NBA scores 2016: The Thunder can’t prove anything in the regular season

Oklahoma City picked up another solid win against a West playoff team, so why does it feel so boring?

Mark D. Smith-USA TODAY Sports

There's really nothing the Oklahoma City Thunder can do that's impressive anymore.

They won Friday, pulling away late from the Houston Rockets, a fellow West playoff team, to secure a 116-108 victory. That final score pushed them to 36-13, staying firmly planted both as the No. 3 seed in the conference and the No. 3 team in the NBA, with a winning percentage just a couple ticks higher than the Cleveland Cavaliers. But despite Russell Westbrook's manic triple-double, and despite Kevin Durant's 33 points on a systematically destructive 18 shots, it all feels so bland, so predestined. This is just what the Thunder do -- win a whole bunch of Western Conference games -- before falling short of a title somewhere in May.

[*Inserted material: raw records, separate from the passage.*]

Lemma restriction_minor_iso (J : {set 'I_6} -> bool) (g : 'I_6 -> T) :
  injective g -> (forall x, g x \in E) -> (forall X : {set 'I_6}, I (g @: X) = J X) ->
  has_minor_iso E I J.
Proof.
move=> g_inj gE gJ.
have sgE : g @: setT \subset E by apply/subsetP => _ /imsetP[x _ ->].
have imgE : E :\: (E :\: g @: setT) = g @: setT by rewrite setDDr setDv set0U; apply/setIidPr.
exists set0, (E :\: g @: setT); split; rewrite ?sub0set ?subsetDl ?set0U //.
  by rewrite -setI_eq0 set0I.
exists g; split => // X.
by rewrite minor_indep_deletion imgE imsetS ?subsetT ?gJ.
Qed.

Lemma full_rank_minor_iso_restriction (J : {set 'I_6} -> bool) :
  (forall x, x \in E -> I [set x]) -> (exists2 X0 : {set 'I_6}, J X0 & #|X0| = rk I E) ->
  has_minor_iso E I J ->
  exists g : 'I_6 -> T,
    [/\ injective g, forall x, g x \in E & forall X : {set 'I_6}, I (g @: X) = J X].
Proof.
move=> loopless [X0 JX0 cardX0] [C [D [sCE _ _ [g [g_inj img gJ]]]]].
have sgE (X : {set 'I_6}) : g @: X \subset E :\: (C :|: D) by rewrite -img imsetS ?subsetT.
have C0 : C = set0.
  have /andP[_ /eqP rkX0C] : minor_indep E I C D (g @: X0) by rewrite gJ.
  have : rk I (g @: X0 :|: C) <= rk I E.
    by apply: rkS; rewrite subUset sCE (subset_trans (sgE X0)) ?subsetDl.
  rewrite rkX0C card_imset // cardX0 -[X in _ <= X]addn0 leq_add2l leqn0 => /eqP rkC.
  apply/setP => x; rewrite inE; apply/negbTE/negP => xC.
  have := rk_ge_card (_ : [set x] \subset C) (loopless x (subsetP sCE x xC)).
  by rewrite sub1set rkC cards1 => /(_ xC).
exists g; split => // [x|X].
  by have := sgE [set x]; rewrite imset_set1 sub1set => /setDP[].
by rewrite -gJ C0 minor_indep_deletion -(set0U D) -C0 sgE.
Qed.

End Matroid.

Section Paving.
Variables (T : finType) (E : {set T}) (I : {set T} -> bool).
Hypotheses (matroidM : is_matroid E I) (pavingM : paving E I).
Implicit Types X H : {set T}.

Lemma paving_indep X : X \subset E -> #|X| < rk I E -> I X.
Proof.
move=> sXE ltX; apply/negPn/negP => dX.
have [C sCX /pavingM /andP[leC _]] := dep_has_circuit sXE dX.
by move: (leq_trans leC (subset_leq_card sCX)); rewrite leqNgt ltX.
Qed.

Lemma paving_dep_circuit X : X \subset E -> #|X| = rk I E -> ~~ I X -> circuit E I X.
Proof.
move=> sXE cardX dX; have [C sCX cC] := dep_has_circuit sXE dX.
have /andP[leC _] := pavingM cC.
suff <- : C = X by [].
by apply/eqP; rewrite eqEcard sCX cardX.
Qed.

Lemma paving_hyperplane_eq H H' X : hyperplane E I H -> hyperplane E I H' ->
  X \subset H :&: H' -> #|X|.+1 = rk I E -> H = H'.
Proof.
move=> /andP[fH /eqP rkH] /andP[fH' /eqP rkH'] sX cardX.
apply: (flat_eq matroidM fH fH' sX); rewrite ?rkH ?rkH' -?cardX //.
apply: paving_indep; last by rewrite -cardX.
by apply: subset_trans sX _; rewrite subIset // (andP fH).1.
Qed.

End Paving.

Lemma sparse_paving_circuit_hyperplane (T : finType) (E X : {set T}) I :
  is_matroid E I -> sparse_paving E I -> X \subset E -> #|X| = rk I E -> ~~ I X ->
  circuit_hyperplane E I X.
Proof.
move=> matroidM [pavingM sparseM] sXE cardX dX.
have cX := paving_dep_circuit pavingM sXE cardX dX.
rewrite /circuit_hyperplane cX sparseM // -cardX ltn_neqAle rk_le_card andbT.
by rewrite (eq_rk_card matroidM).
Qed.

Lemma cards3 (T : finType) (x y z : T) :
  x != y -> y != z -> x != z -> #|[set x; y; z]| = 3.
Proof. by move=> xy yz xz; rewrite -setUA cardsU1 cards2 !inE negb_or xy xz yz. Qed.

Section W3Lines.
Implicit Types (i j k : 'I_3) (x : 'I_6) (X : {set 'I_6}).

Lemma ord_all n (P : pred nat) : all P (iota 0 n) -> forall x : 'I_n, P x.
Proof. by move=> /allP allP x; apply: allP; rewrite mem_iota ltn_ord. Qed.

Lemma ord_has n (P : pred nat) : has P (iota 0 n) -> exists x : 'I_n, P x.
Proof. by case/hasP => x; rewrite mem_iota => /andP[_ ltx] Px; exists (Ordinal ltx). Qed.

Lemma mem_tri x a b c : a < 6 -> b < 6 -> c < 6 ->
  (x \in tri a b c) = (x == a :> nat) || (x == b :> nat) || (x == c :> nat).
Proof. by move=> a6 b6 c6; rewrite !inE -!val_eqE /= !inordK. Qed.

Lemma card_tri a b c : a < 6 -> b < 6 -> c < 6 -> a != b -> b != c -> a != c ->
  #|tri a b c| = 3.
Proof. by move=> a6 b6 c6 ab bc ac; rewrite cards3 // -val_eqE /= !inordK. Qed.
Lemma bdist_parabola_line t w :
  bdist (parabola xb u t w) (badd xb (bscal t u)) = /2 * t ^ 2 * bnorm w.
Proof.
  unfold parabola. rewrite (badd_assoc xb), bdist_addr, bnorm_scal, Rabs_pos_eq; [lra|].
  apply Rmult_le_pos; [lra|apply pow2_ge_0].
Qed.

Lemma bdist_parabola t w w' :
  bdist (parabola xb u t w) (parabola xb u t w') = /2 * t ^ 2 * bdist w w'.
Proof.
  unfold parabola. rewrite !bdist_add2l, bdist_scal, Rabs_pos_eq; [lra|].
  apply Rmult_le_pos; [lra|apply pow2_ge_0].
Qed.

Lemma bdist_parabola_le v t w : 0 < t < 1 -> bdist w v < 1 ->
  bdist (parabola xb u t w) xb <= t * (bnorm u + bnorm v + 1).
Proof.
  intros Ht Hw. unfold parabola. rewrite bdist_addr.
  pose proof (bnorm_triangle (bscal t u) (bscal (/2 * t ^ 2) w)) as H.
  rewrite !bnorm_scal, (Rabs_pos_eq t), (Rabs_pos_eq (/2 * t ^ 2)) in H by nra.
  pose proof (bnorm_le_dist w v). pose proof (bnorm_ge0 u). pose proof (bnorm_ge0 w).
  assert (Hs : /2 * t ^ 2 <= t) by nra.
  assert (/2 * t ^ 2 * bnorm w <= t * (bnorm v + 1)).
  { apply Rmult_le_compat; try lra. apply Rmult_le_pos; [lra|apply pow2_ge_0]. }
  nra.
Qed.

End Parabola.

Section Eventually.
Context {X : Banach} (v : X).

Definition eventually_tw (P : R -> X -> Prop) : Prop :=
  exists d, 0 < d /\ forall t w, 0 < t < d -> bdist w v < d -> P t w.

Lemma eventually_tw_impl (P Q : R -> X -> Prop) :
  (forall t w, 0 < t -> P t w -> Q t w) -> eventually_tw P -> eventually_tw Q.
Proof.
  intros HPQ [d [Hd HP]]. exists d; split; auto. intros t w Ht Hw. apply HPQ; [lra|auto].
Qed.

Lemma eventually_tw_and (P Q : R -> X -> Prop) :
  eventually_tw P -> eventually_tw Q -> eventually_tw (fun t w => P t w /\ Q t w).
Proof.
  intros [d1 [Hd1 H1]] [d2 [Hd2 H2]]. exists (Rmin d1 d2).
  split; [apply Rmin_glb_lt; auto|]. intros t w Ht Hw.
  pose proof (Rmin_l d1 d2). pose proof (Rmin_r d1 d2).
  split; [apply H1|apply H2]; lra.
Qed.

Lemma eventually_tw_forall_lt (P : nat -> R -> X -> Prop) n :
  (forall j, (j < n)%nat -> eventually_tw (P j)) ->
  eventually_tw (fun t w => forall j, (j < n)%nat -> P j t w).
Proof.
  induction n as [|n IH]; intro H.
  - exists 1; split; [lra|]. intros; lia.
  - apply (eventually_tw_impl (fun t w => (forall j, (j < n)%nat -> P j t w) /\ P n t w)).
    + intros t w _ [Hlt Hn] j Hj.
      destruct (Nat.eq_dec j n) as [->|Hne]; [exact Hn|apply Hlt; lia].
    + apply eventually_tw_and; [apply IH; intros j Hj|]; apply H; lia.
Qed.

Lemma eventually_tw_center (P : R -> X -> Prop) :
  eventually_tw P -> eventually_tw (fun t _ => P t v).
Proof.
  intros [d [Hd HP]]. exists d; split; auto. intros t _ Ht _. apply HP; auto.
  rewrite bdist_xx; exact Hd.
Qed.

Lemma eventually_tw_t_lt a b : 0 <= a -> 0 < b -> eventually_tw (fun t _ => t * a < b).
Proof.
  intros Ha Hb. exists (b / (a + 1)). split; [apply Rdiv_lt_0_compat; lra|].
  intros t w [Ht0 Ht] _. apply (Rmult_lt_compat_r (a + 1)) in Ht; [|lra].
  replace (b / (a + 1) * (a + 1)) with b in Ht by (field; lra). nra.
Qed.

Lemma eventually_tw_w_lt a b : 0 <= a -> 0 < b ->
  eventually_tw (fun _ w => a * bdist w v < b).
Proof.
  intros Ha Hb. exists (b / (a + 1)). split; [apply Rdiv_lt_0_compat; lra|].
  intros t w _ Hw. apply (Rmult_lt_compat_r (a + 1)) in Hw; [|lra].
  replace (b / (a + 1) * (a + 1)) with b in Hw by (field; lra).
  pose proof (bdist_ge0 w v). nra.
Qed.

Lemma eventually_tw_seq (P : R -> X -> Prop) (t : nat -> R) (vk : nat -> X) :
  (forall k, 0 < t k) -> Un_cv t 0 ->
  (forall eps, 0 < eps -> exists N, forall k, (N <= k)%nat -> bdist (vk k) v < eps) ->
  eventually_tw P -> exists k, P (t k) (vk k).
Proof.
  intros Ht Htc Hvk [d [Hd HP]].
  destruct (Htc d Hd) as [N1 H1]. destruct (Hvk d Hd) as [N2 H2].
  exists (N1 + N2)%nat. apply HP; [split|apply H2; lia].
  - apply Ht.
  - specialize (H1 (N1 + N2)%nat ltac:(lia)). unfold R_dist in H1.
    rewrite Rminus_0_r in H1. apply Rabs_def2 in H1. lra.
Qed.

End Eventually.

Lemma eventually_parabola_near {X : Banach} (xb u v : X) d : 0 < d ->
  eventually_tw v (fun t w => bdist (parabola xb u t w) xb < d).
Proof.
  intro Hd. pose proof (bnorm_ge0 u). pose proof (bnorm_ge0 v).
  set (K := bnorm u + bnorm v + 1).
  apply (eventually_tw_impl v (fun t w => (t * 1 < 1 /\ t * K < d) /\ 1 * bdist w v < 1)).
  - intros t w Ht [[H1 HK] Hw]. pose proof (bdist_parabola_le xb u v t w). unfold K in *. lra.
  - repeat apply eventually_tw_and;
      [apply eventually_tw_t_lt|apply eventually_tw_t_lt|apply eventually_tw_w_lt];
      unfold K; lra.
Qed.

Lemma Einf_lt S r : ER_lt (Einf S) (Fin r) -> exists s, S s /\ ER_lt s (Fin r).
Proof.
  unfold Einf. destruct (excluded_middle_informative (S MInf)) as [HM|HM].
  - intros _. exists MInf; split; simpl; auto.
  - destruct (excluded_middle_informative (exists y, S (Fin (- y)))) as [Hne|Hne];
      [|simpl; tauto].
    intro H.
    destruct (classic (exists y, S (Fin (- y)) /\ - r < y)) as [[y [Hy1 Hy2]]|Hn].
    { exists (Fin (- y)); split; auto; simpl; lra. }
    exfalso.
    assert (Hub : is_upper_bound (fun y => S (Fin (- y))) (- r)).
    { intros y Hy. destruct (Rle_dec y (- r)); auto.
      exfalso; apply Hn; exists y; split; auto; lra. }
    destruct (excluded_middle_informative (bound (fun y => S (Fin (- y))))) as [Hb|Hb].
    + destruct (proj2_sig (completeness _ Hb Hne)) as [_ Hlub]. simpl in H.
      specialize (Hlub _ Hub). lra.
    + apply Hb. exists (- r); exact Hub.
Qed.

Lemma Rsup_lt A r : ER_lt (Rsup A) (Fin r) -> forall y, A y -> y < r.
Proof.
  unfold Rsup. destruct (excluded_middle_informative (exists x, A x)) as [Hne|Hne].
  - destruct (excluded_middle_informative (bound A)) as [Hb|Hb]; [|simpl; tauto].
    destruct (completeness _ Hb Hne) as [sp [Hub Hlub]]. simpl. intros H y Hy.
    specialize (Hub y Hy). lra.
  - intros _ y Hy. exfalso; apply Hne; eauto.
Qed.

Lemma clarke_lt {X : Banach} (F : X -> R) xb w r : ER_lt (clarke F xb w) (Fin r) ->
  exists d, 0 < d /\ forall x t, bdist x xb < d -> 0 < t < d ->
    (F (badd x (bscal t w)) - F x) / t < r.
Proof.
  intro H. apply Einf_lt in H. destruct H as [s [[d [Hd ->]] Hs]].
  exists d; split; auto. intros x t Hx Ht. eapply Rsup_lt; eauto.
  exists x, t; repeat split; auto; lra.
Qed.

Lemma limsup0_lt h r : ER_lt (limsup0 h) (Fin r) ->
  exists d, 0 < d /\ forall t, 0 < t < d -> h t < r.
Proof.
  intro H. apply Einf_lt in H. destruct H as [s [[d [Hd ->]] Hs]].
  exists d; split; auto. intros t Ht. eapply Rsup_lt; eauto.
  exists t; split; auto.
Qed.

Lemma ER_lt_le a b : ER_lt a b -> ER_le a b.
Proof. destruct a, b; simpl; auto; lra. Qed.

Lemma ER_lt_Fin_dense a r : ER_lt a (Fin r) -> exists r', r' < r /\ ER_lt a (Fin r').
Proof.
  destruct a as [x| |]; simpl; intro H; try tauto.
  - exists ((x + r) / 2); simpl; split; lra.
  - exists (r - 1); simpl; split; auto; lra.
Qed.

Lemma ER_le_lt_Fin a r e : ER_le a (Fin r) -> 0 < e -> ER_lt a (Fin (r + e)).
Proof. destruct a; simpl; auto; lra. Qed.

Lemma ER_plus_lt_Fin a b r : ER_lt (ER_plus a b) (Fin r) ->
  exists ra rb, ER_lt a (Fin ra) /\ ER_lt b (Fin rb) /\ ra + rb < r.
Proof.
  intros H. destruct a as [x| |]; destruct b as [y| |]; simpl in H; try tauto.
  - exists (x + (r - x - y) / 3), (y + (r - x - y) / 3); simpl; repeat split; lra.
  - exists (x + 1), (r - x - 2); simpl; repeat split; auto; lra.
  - exists (r - y - 2), (y + 1); simpl; repeat split; auto; lra.
  - exists (r / 2 - 1), (r / 2 - 1); simpl; repeat split; auto; lra.
Qed.

Lemma lex_le0_fst a : lex_le0 a -> ER_le (fst a) (Fin 0).
Proof. intros [H|[-> _]]; [apply ER_lt_le, H|simpl; lra]. Qed.

Lemma loc_lipschitz_upper {X : Banach} (F : X -> R) xb : loc_lipschitz F xb ->
  exists L d, 0 <= L /\ 0 < d /\ forall x y, bdist x xb < d -> bdist y xb < d ->
    F x - F y <= L * bdist x y.
Proof.
  intros [L [d [Hd H]]]. exists (Rmax L 0), d. split; [apply Rmax_r|split; auto].
  intros x y Hx Hy. specialize (H x y Hx Hy).
  assert (L * bdist x y <= Rmax L 0 * bdist x y).
  { apply Rmult_le_compat_r; [apply bdist_ge0|apply Rmax_l]. }
  pose proof (Rle_abs (F x - F y)). lra.
Qed.

Lemma lt_mul_of_div_lt a s r : 0 < s -> a / s < r -> a < r * s.
Proof.
  intros Hs H. apply (Rmult_lt_compat_r s) in H; auto.
  replace (a / s * s) with a in H by (field; lra). exact H.
Qed.

Section ParabolaEstimates.
Context {X : Banach} (F : X -> R) (xb u v : X).
Hypothesis HF : loc_lipschitz F xb.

It's the fate of playing in the same conference as two historically great teams, which both have championship pedigrees. There's the reigning champion Warriors, on a path to achieving the greatest regular season ever. The San Antonio Spurs aren't far behind, and they won the title the year before that -- plus four more strewn throughout the past decade and a half. The Thunder aren't rising stars or an emerging powerhouse, they're just the Thunder, a team we've seen in the playoffs for the past five years now. If it hasn't happened in five years, why would it happen now? That's what it feels like, anyway. Durant and Westbrook could be playing the best basketball of their career -- they basically are -- but they've lost the attention of their audience.

Oklahoma City shouldn’t have a problem with that, mind you. Their superstars already have public spats with the media, so inattention to their regular season success will be just more of the same in the eyes of Durant and Westbrook. Unless the Thunder actually catch up to San Antonio, why would they deserve more attention? They’re playing incredible basketball, with the second-best offense and a defense just outside the top-10 in defensive rating, but a top-four seed in the Western Conference isn’t a new thing for this team. Until they prove otherwise, Oklahoma City is merely the challenging but solvable sudoku puzzle San Antonio or Golden State must solve on the direct flight to the Western Conference Finals showdown that we’re all expected between those two behemoths.

Whatever, says the Thunder. They know they still haven't lost a playoff series when the trio of Westbrook, Durant and Serge Ibaka were all healthy for the entire stretch. They know their bench is still a weakness, but maybe not as bad as it was with new additions and Billy Donovan deploying them instead of Scotty Brooks. On Friday, Enes Kanter scored 22 points in 26 minutes on 16 shots while Dion Waiters chipped in 16, nailing six of his nine field goal attempts. Could they hold up against Golden State or San Antonio?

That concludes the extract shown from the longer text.